Form of Rejection

I have been sending out queries and writing samples to literary agents for many years and received the same form responses in a variety of phrasings: It’s not quite what I’m looking for at this time… I have to be particularly selective about which projects I represent…I can only responsibly take on a few new clients each year…I’m not the best fit for this project at this time… I’m not the best match…I’m not the right agent… I’m going to have to step aside…will be stepping back from consideration… I’ll be regretfully stepping aside.

Best wishes in your search for representation. Wishing you the very best of luck in your publishing endeavors. Please accept my very best wishes for your writing success. Best of luck with your future queries. I wish you the best of luck. I wish you all the best in your search for representation and in your writing career. We’re rooting for you! Until then, you have my…Very best.

Along with these snippets of clearly intended prose, the replies are sent from a “Do-Not-Reply-To-This-Email Address”. After 35 years, you’d think I’d get the message.

My “Hail Mary” Complex

I was genuinely excited to read Andy Weir’s highly-acclaimed Project Hail Mary, hoping for inspiration on improving the writing, structure and marketability of my own speculative work, The Cx Trilogy.

My positive outlook waned after a few pages. It wasn’t just the undeveloped writing nor the caricatured characters – much of which seem at first draft level – but more the lack of an engaging narrative. While the premise was compelling – why is the sun getting dimmer and how can this be stopped? – there was little development of the protagonist and his journey beyond a barrage of scientific details.

I’ll cite examples to mitigate your opinon of me as a bitter unpublished author. Below that is the room I woke up in. The one with my dead friends. I sniffle and wipe a tear away. Initially, I thought this was intended as sarcasm, but I soon realized that this was a genuine expression of Ryland Grace’s emotion.

Each of them kind of look like a beetle. Each beetle has a name up top: “John”, “Paul”, “George” and “Ringo”. I’m on a suicide mission. John, Paul, George and Ringo get to go home, but my long and winding road ends here. This sense of humor permeates the book.

My students didn’t swear at me. Their squabbles were usually resolved within a few minutes, either by a teacher-enforced handshake or detention. And somewhat selfish but here it is: They looked up to me. I missed that respect. Mr. Weir has clearly never spent a day as a teacher in his life.

I could go on, but why bury myself even deeper? Mr. Weir has achieved incredible commercial success and knows how to market his work, while I’m an unpublished failure who teaches high school…which is what makes this difficult to process.

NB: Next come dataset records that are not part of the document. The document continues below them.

Lemma in_cluster_indicator th sg n p j i : (forall j, 0 < p j) -> all_active th sg n p ->
  in_cluster th p (indicator sg) n j i <-> (0 < n i)%N /\ sg i = j.
Proof.
move=> p0 act; rewrite /in_cluster /demand group_price_indicator /indicator.
split=> [[pos aij]|[ni /eqP ->]]; last by rewrite mulr_gt0 ?ltr0n ?user_demand_gt0 ?act.
split; last by apply/eqP; move: aij; case: (sg i == j).
by have [n0|//] := posnP (n i); rewrite n0 mul0r ltxx in pos.
Qed.

End Assignments.

Theorem theorem4 (R : realType) (S : R) (I J : nat)
  (N : 'I_I -> nat) (theta : 'I_I -> R) :
  0 < S -> (1 <= I)%N -> (1 <= J)%N -> (J <= I)%N ->
  (forall i, (0 < N i)%N) ->
  (forall i, 0 < theta i) ->
  (forall i k : 'I_I, (i < k)%N -> theta k < theta i) ->
  exists (p : 'I_J -> R) (a : 'I_I -> 'I_J -> nat) (n : 'I_I -> nat),
    feasible S N theta p a n
    /\ (forall (p' : 'I_J -> R) (a' : 'I_I -> 'I_J -> nat) (n' : 'I_I -> nat),
          feasible S N theta p' a' n' ->
          revenue theta p' a' n' <= revenue theta p a n)
    /\ (forall j : 'I_J, consecutive (in_cluster theta p a n j)).
Proof.
move=> S0 _ J1 _ N0 th0 th_dec; pose j0 : 'I_J := Ordinal J1.
have [sg1 [n1 [p opt1]]] := exists_optimal N S0 th0 j0.
have [n [opt2 act2]] := optimal_all_active opt1.
have [sg [opt act distinct]] := optimal_distinct_prices opt2 act2.
have [[p0 _] popt] := opt.
exists p, (indicator sg), n; split; first exact: admissible_feasible (proj1 opt).
split=> [p' a' n' F'|j l k m].
  have [p'0 [a01 [a_sum _]]] := F'.
  rewrite (revenue_total _ _ p0 (group_price_indicator p sg)).
  rewrite (revenue_total _ _ p'0 (fun i => group_price_assignment j0 p' (a01 i) (a_sum i))).
  exact/popt/feasible_admissible.
rewrite !in_cluster_indicator // => -[nl lj] [nm mj] lk km.
exact: optimal_cluster_interval opt act distinct (N0 k) th_dec nl lj nm mj lk km.
Qed.
(* Let $Z>0$, let $W_{at}$ be as in the context with Taylor coefficients $(w_{2k})_{k\ge0}$, let $R_1,\dots,R_n$ be the radial atomic functions with eigenvalues $\epsilon_1,\dots,\epsilon_n$, $\mathcal R=(R_1,\dots,R_n)^T$, $\mathcal E=\mathrm{diag}(\epsilon_1,\dots,\epsilon_n)$, and let $(\zeta_j)_{j\ge0}\subset\mathbb R^n$ be the coefficients of the expansion of $\mathcal R$ at $0$. Then there exist real numbers $(\mu_j^{(k)})_{0\le j\le k\le n-1}$ and $(\nu_j^{(k)})_{0\le j\le k\le n-1}$ such that $$\zeta_{2k}=\sum_{j=0}^k\mu_j^{(k)}\mathcal E^j\zeta_0,\qquad\zeta_{2k+1}=\sum_{j=0}^k\nu_j^{(k)}\mathcal E^j\zeta_0,$$ with $\mu_k^{(k)}\ne0$ for every $0\le k\le n-1$. Moreover, $$\zeta_1=-Z\zeta_0,\qquad\zeta_2=-\tfrac13\mathcal E\zeta_0+\tfrac13(Z^2+w_0)\zeta_0,\qquad\zeta_3=\tfrac29Z\mathcal E\zeta_0-\Big(\tfrac{Z^3}{18}+\tfrac29Zw_0\Big)\zeta_0,$$ $$\zeta_4=\tfrac1{30}\mathcal E^2\zeta_0-\Big(\tfrac{Z^2}{18}+\tfrac{w_0}{15}\Big)\mathcal E\zeta_0+\Big(\tfrac{Z^4}{180}+\tfrac{Z^2w_0}{18}+\tfrac{w_0^2}{30}+\tfrac{w_2}{10}\Big)\zeta_0,$$ $$\zeta_5=-\tfrac{23}{1350}Z\mathcal E^2\zeta_0+\Big(\tfrac{Z^3}{135}+\tfrac{23}{675}w_0Z\Big)\mathcal E\zeta_0-\Big(\tfrac{Z^5}{2700}+\tfrac{Z^3w_0}{135}+\tfrac{23}{1350}Zw_0^2+\tfrac{11}{150}Zw_2\Big)\zeta_0.$$
   Context: $W_{at}$ is a smooth bounded real function on $[0,\infty)$ such that $\mathbf x\mapsto W_{at}(|\mathbf x|)$ is smooth on $\mathbb R^3$; hence for every $N$, $W_{at}(r)=\sum_{k=0}^Nw_{2k}r^{2k}+O(r^{2N+2})$ as $r\to0$, which defines the reals $w_{2k}$. For $k=1,\dots,n$, $\varphi_k(\mathbf x)=R_k(|\mathbf x|)Y_{00}$ ($Y_{00}=1/\sqrt{4\pi}$) are $L^2$-normalized eigenfunctions of the atomic Hamiltonian $-\frac12\Delta-\frac{Z}{|\mathbf x|}+W_{at}(|\mathbf x|)$ on $L^2(\mathbb R^3)$ with angular momentum $0$ and eigenvalues $\epsilon_k$; $R_k$ is continuous on $[0,\infty)$ and satisfies $-\frac12R_k''-\frac1rR_k'-\frac ZrR_k+W_{at}R_k=\epsilon_kR_k$ on $(0,\infty)$. The vectors $\zeta_j\in\mathbb R^n$ are the coefficients of the singular expansion of $\mathcal R$ at $r=0$: for every $N$, $\mathcal R(r)-\sum_{j=0}^N\zeta_jr^j=O(r^{N+1})$ as $r\to0^+$. *)

From Stdlib Require Import Reals.
From Coquelicot Require Import Coquelicot.
Open Scope R_scope.

Definition bigO_0plus (f g : R -> R) : Prop :=
  exists C delta : R, 0 < delta /\
    forall r : R, 0 < r < delta -> Rabs (f r) <= C * Rabs (g r).

Definition smooth_R (f : R -> R) : Prop :=
  forall (m : nat) (x : R), ex_derive_n f m x.

(* The hypotheses on W_at: bounded on [0,oo), x |-> W(|x|) smooth
   (rendered via the even extension r |-> W(|r|) on R), and the Taylor
   coefficients w_{2k} = w k at 0. *)
Definition W_at_hyp (W : R -> R) (w : nat -> R) : Prop :=
  (exists M : R, forall r : R, 0 <= r -> Rabs (W r) <= M) /\
  smooth_R (fun r => W (Rabs r)) /\
  (forall N : nat,
     bigO_0plus (fun r => W r - sum_f_R0 (fun k => w k * r ^ (2 * k)) N)
                (fun r => r ^ (2 * N + 2))).

(* Rk is an L^2-normalized radial (angular momentum 0) eigenfunction profile:
   continuous on [0,oo), C^2 on (0,oo), solving the radial equation
   -1/2 R'' - (1/r) R' - (Z/r) R + W R = eps R, and
   int_0^oo Rk(r)^2 r^2 dr = 1 (i.e. ||Rk Y00||_{L^2(R^3)} = 1). *)
Definition radial_eigen (Z : R) (W : R -> R) (eps : R) (Rk : R -> R) : Prop :=
  (forall r : R, 0 < r -> continuous Rk r) /\
  filterlim Rk (at_right 0) (locally (Rk 0)) /\
  (forall r : R, 0 < r -> ex_derive Rk r /\ ex_derive (Derive Rk) r) /\
  (forall r : R, 0 < r ->
     - / 2 * Derive (Derive Rk) r - / r * Derive Rk r - Z / r * Rk r
       + W r * Rk r = eps * Rk r) /\
  is_RInt_gen (fun r => Rk r ^ 2 * r ^ 2) (at_point 0) (Rbar_locally p_infty) 1.

(* zeta j i = i-th component of zeta_j: R_i(r) - sum_{j<=N} zeta_j,i r^j = O(r^(N+1)). *)
Definition singular_expansion (Rk : R -> R) (zeta : nat -> R) : Prop :=
  forall N : nat,
    bigO_0plus (fun r => Rk r - sum_f_R0 (fun j => zeta j * r ^ j) N)
               (fun r => r ^ (N + 1)).

(* With u = r R the radial equation reads u'' = -2 Z R + 2 r (W - e) R on (0, oo).
   Asymptotic expansions at 0+ are stable under sums, products and multiplication by r, and
   the second difference u(3r) - 2 u(2r) + u(r) = r^2 u''(xi) lets one read off the
   coefficients of u from those of u''.  Comparing coefficients gives the recursion
     (m+1)(m+2) zeta_(m+1) = -2 Z zeta_m + 2 (sum_j w_j zeta_(m-1-j) - e zeta_(m-1)),
   with w_j the Taylor coefficients of W.  It is linear in zeta_0, so zeta_m = Phi_m(e) zeta_0
   where Phi_m is a polynomial of degree at most m/2 depending only on Z and W; the term
   -2 e zeta_(m-1) alone raises the degree, so the leading coefficient of Phi_(2k) is
   (-2)^k / (2k+1)!. *)

From Stdlib Require Import Reals Lra Lia Factorial IndefiniteDescription.
From Coquelicot Require Import Coquelicot.
Open Scope R_scope.

(** * Asymptotic expansions at 0+ *)

Fixpoint trunc (a : nat -> R) (N : nat) (r : R) : R :=
  match N with O => 0 | S N => trunc a N r + a N * r ^ N end.

Definition mulX (a : nat -> R) (j : nat) : R := match j with O => 0 | S j => a j end.
Definition divX (a : nat -> R) (j : nat) : R := a (S j).
Definition deriv_coef (a : nat -> R) (j : nat) : R := INR (S j) * a (S j).

Lemma trunc_ext a b N r :
  (forall j, (j < N)%nat -> a j = b j) -> trunc a N r = trunc b N r.
Proof.
  induction N as [|N IH]; intros Hab; simpl; [reflexivity|].
  rewrite IH, (Hab N); [reflexivity|lia|intros; apply Hab; lia].
Qed.

Lemma trunc_plus a b N r :
  trunc (fun j => a j + b j) N r = trunc a N r + trunc b N r.
Proof. induction N as [|N IH]; simpl; [ring|rewrite IH; ring]. Qed.

Lemma trunc_scal c a N r : trunc (fun j => c * a j) N r = c * trunc a N r.
Proof. induction N as [|N IH]; simpl; [ring|rewrite IH; ring]. Qed.

Lemma trunc_divX a N r : trunc a (S N) r = a 0%nat + r * trunc (divX a) N r.
Proof.
  induction N as [|N IH]; [simpl; ring|].
  change (trunc a (S N) r + a (S N) * r ^ S N
          = a 0%nat + r * (trunc (divX a) N r + a (S N) * r ^ N)).
  rewrite IH. simpl. ring.
Qed.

I genuinely cannot understand what it is about Mr. Weir’s work that is compelling to such a large audience. And what it is about my own writing that seems destined to never get beyond the literary agent’s automatic reply: Unfortunately, your project does not sound like a fit for me at this time, and so I will have to pass. Boo hoo. Poor me.

My Bad Chance

A number of years back, an influential agent took interest in novel, My Bad Side. He had his reader review the opening 50 pages and gave me advice on changes to make, which I did. I received a follow-up on moving the back story to a later stage. I questioned this idea, explaining the benefit of where it was. That was it. I was out.

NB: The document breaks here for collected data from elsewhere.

(* Let $X$ be a sofic shift and $\varphi$ a flip for $(X,\sigma_X)$. Then there are a finite set $\mathcal{A}$, a map $\mathcal{L}:\mathcal{A}\to\mathcal{B}_1(X)$ and zero-one $\mathcal{A}\times\mathcal{A}$ matrices $A$ and $J$ with the following properties: (1) $\mathcal{L}_\infty:X_A\to X$ is a factoring; (2) $\mathcal{L}_\infty$ has no graph diamonds; (3) $JA=A^\top J$ and $J^2=I$; (4) $\mathcal{L}_\infty\circ\varphi_{J,A}=\varphi\circ\mathcal{L}_\infty$; (5) if $\delta\in\{0,1\}$, $x\in X$ and $\sigma_X^\delta\varphi(x)=x$, then there is $y\in X_A$ with $\mathcal{L}_\infty(y)=x$ and $\sigma_A^\delta\varphi_{J,A}(y)=y$.
   Context: For a shift space $X$, $\sigma_X$ is the shift map and $\mathcal{B}_1(X)$ is the set of symbols occurring in points of $X$. A flip for $(X,\sigma_X)$ is a homeomorphism $\varphi:X\to X$ with $\varphi\sigma_X=\sigma_X^{-1}\varphi$ and $\varphi^2=\mathrm{id}_X$. For a zero-one $\mathcal{A}\times\mathcal{A}$ matrix $A$, $X_A=\{y\in\mathcal{A}^{\mathbb{Z}}:A(y_i,y_{i+1})=1\ \forall i\in\mathbb{Z}\}$ and $\sigma_A$ is the shift map on $X_A$. $\mathcal{L}_\infty$ is the one-block code $\mathcal{L}_\infty(y)_i=\mathcal{L}(y_i)$; it is a factoring onto $X$ if $\mathcal{L}_\infty(X_A)=X$. $\mathcal{L}_\infty$ has no graph diamonds if there are no two distinct words $a_0\cdots a_n\neq b_0\cdots b_n$ ($n\ge1$) with $A(a_i,a_{i+1})=A(b_i,b_{i+1})=1$ for all $i<n$, $a_0=b_0$, $a_n=b_n$ and $\mathcal{L}(a_i)=\mathcal{L}(b_i)$ for all $i$. If $J$ is a zero-one matrix with $J^2=I$, it is a symmetric permutation matrix, and $\tau:\mathcal{A}\to\mathcal{A}$ denotes the map with $J(a,\tau(a))=1$; if moreover $JA=A^\top J$, then $\varphi_{J,A}:X_A\to X_A$, $\varphi_{J,A}(y)_i=\tau(y_{-i})$, is a flip for $(X_A,\sigma_A)$. *)

From mathcomp Require Import all_boot all_order all_algebra.
Set Implicit Arguments. Unset Strict Implicit. Unset Printing Implicit Defensive.
Import Order.TTheory GRing.Theory Num.Theory.
Local Open Scope ring_scope.

Definition point (S : Type) := int -> S.

Definition shift (S : Type) (x : point S) : point S := fun i => x (i + 1).

Definition shift_inv (S : Type) (x : point S) : point S := fun i => x (i - 1).

Definition Linf (V S : Type) (L : V -> S) (y : point V) : point S :=
  fun i => L (y i).

Definition vshift (V : Type) (R : V -> V -> bool) (y : point V) : Prop :=
  forall i : int, R (y i) (y (i + 1)).

Definition sofic (S : finType) (X : point S -> Prop) : Prop :=
  exists (V : finType) (R : V -> V -> bool) (L : V -> S),
    forall x, X x <-> exists y, vshift R y /\ x = Linf L y.

Definition B1 (S : Type) (X : point S -> Prop) (a : S) : Prop :=
  exists x, X x /\ exists i : int, x i = a.

(* continuity on X w.r.t. the product topology (alphabet discrete) *)
Definition agree_on (S : Type) (n : nat) (x y : point S) : Prop :=
  forall i : int, `|i| <= n%:Z -> x i = y i.

Definition continuous_on (S : Type) (X : point S -> Prop)
  (f : point S -> point S) : Prop :=
  forall x, X x -> forall n : nat, exists m : nat,
    forall y, X y -> agree_on m x y -> agree_on n (f x) (f y).

(* Since phi is an
   involution, being a continuous self-map of X with phi^2 = id is
   exactly being a homeomorphism with phi^2 = id. *)
Definition is_flip (S : Type) (X : point S -> Prop)
  (phi : point S -> point S) : Prop :=
  [/\ (forall x, X x -> X (phi x)),
      continuous_on X phi,
      (forall x, X x -> phi (shift x) = shift_inv (phi x))
    & (forall x, X x -> phi (phi x) = x) ].

Definition zero_one (n : nat) (M : 'M[int]_n) : Prop :=
  forall i j, M i j = 0 \/ M i j = 1.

A year or so later, I pitched him my new book, Anori. “Not for me.” The one time an agent had taken an interest in my work, a one-night stand as it was, I hadn’t done as I was told and was cancelled. I’ve thought back to this moment often and wondered what might have happened if I had complied. What success would I have reaped? If only, if only…

Today, hundreds of indifferent rejection emails later, I feel something coming, some long-awaited breakthrough, not with them as much as me. I’ve made it somewhere, not a revelation as much as a state of mind, I suppose. Probably the booze but more of a clean sure hike up, getting to where I can see where I am. Which is here. Nowhere else but that.

My latest opus, The Vanishing Pill, will be ready in the spring.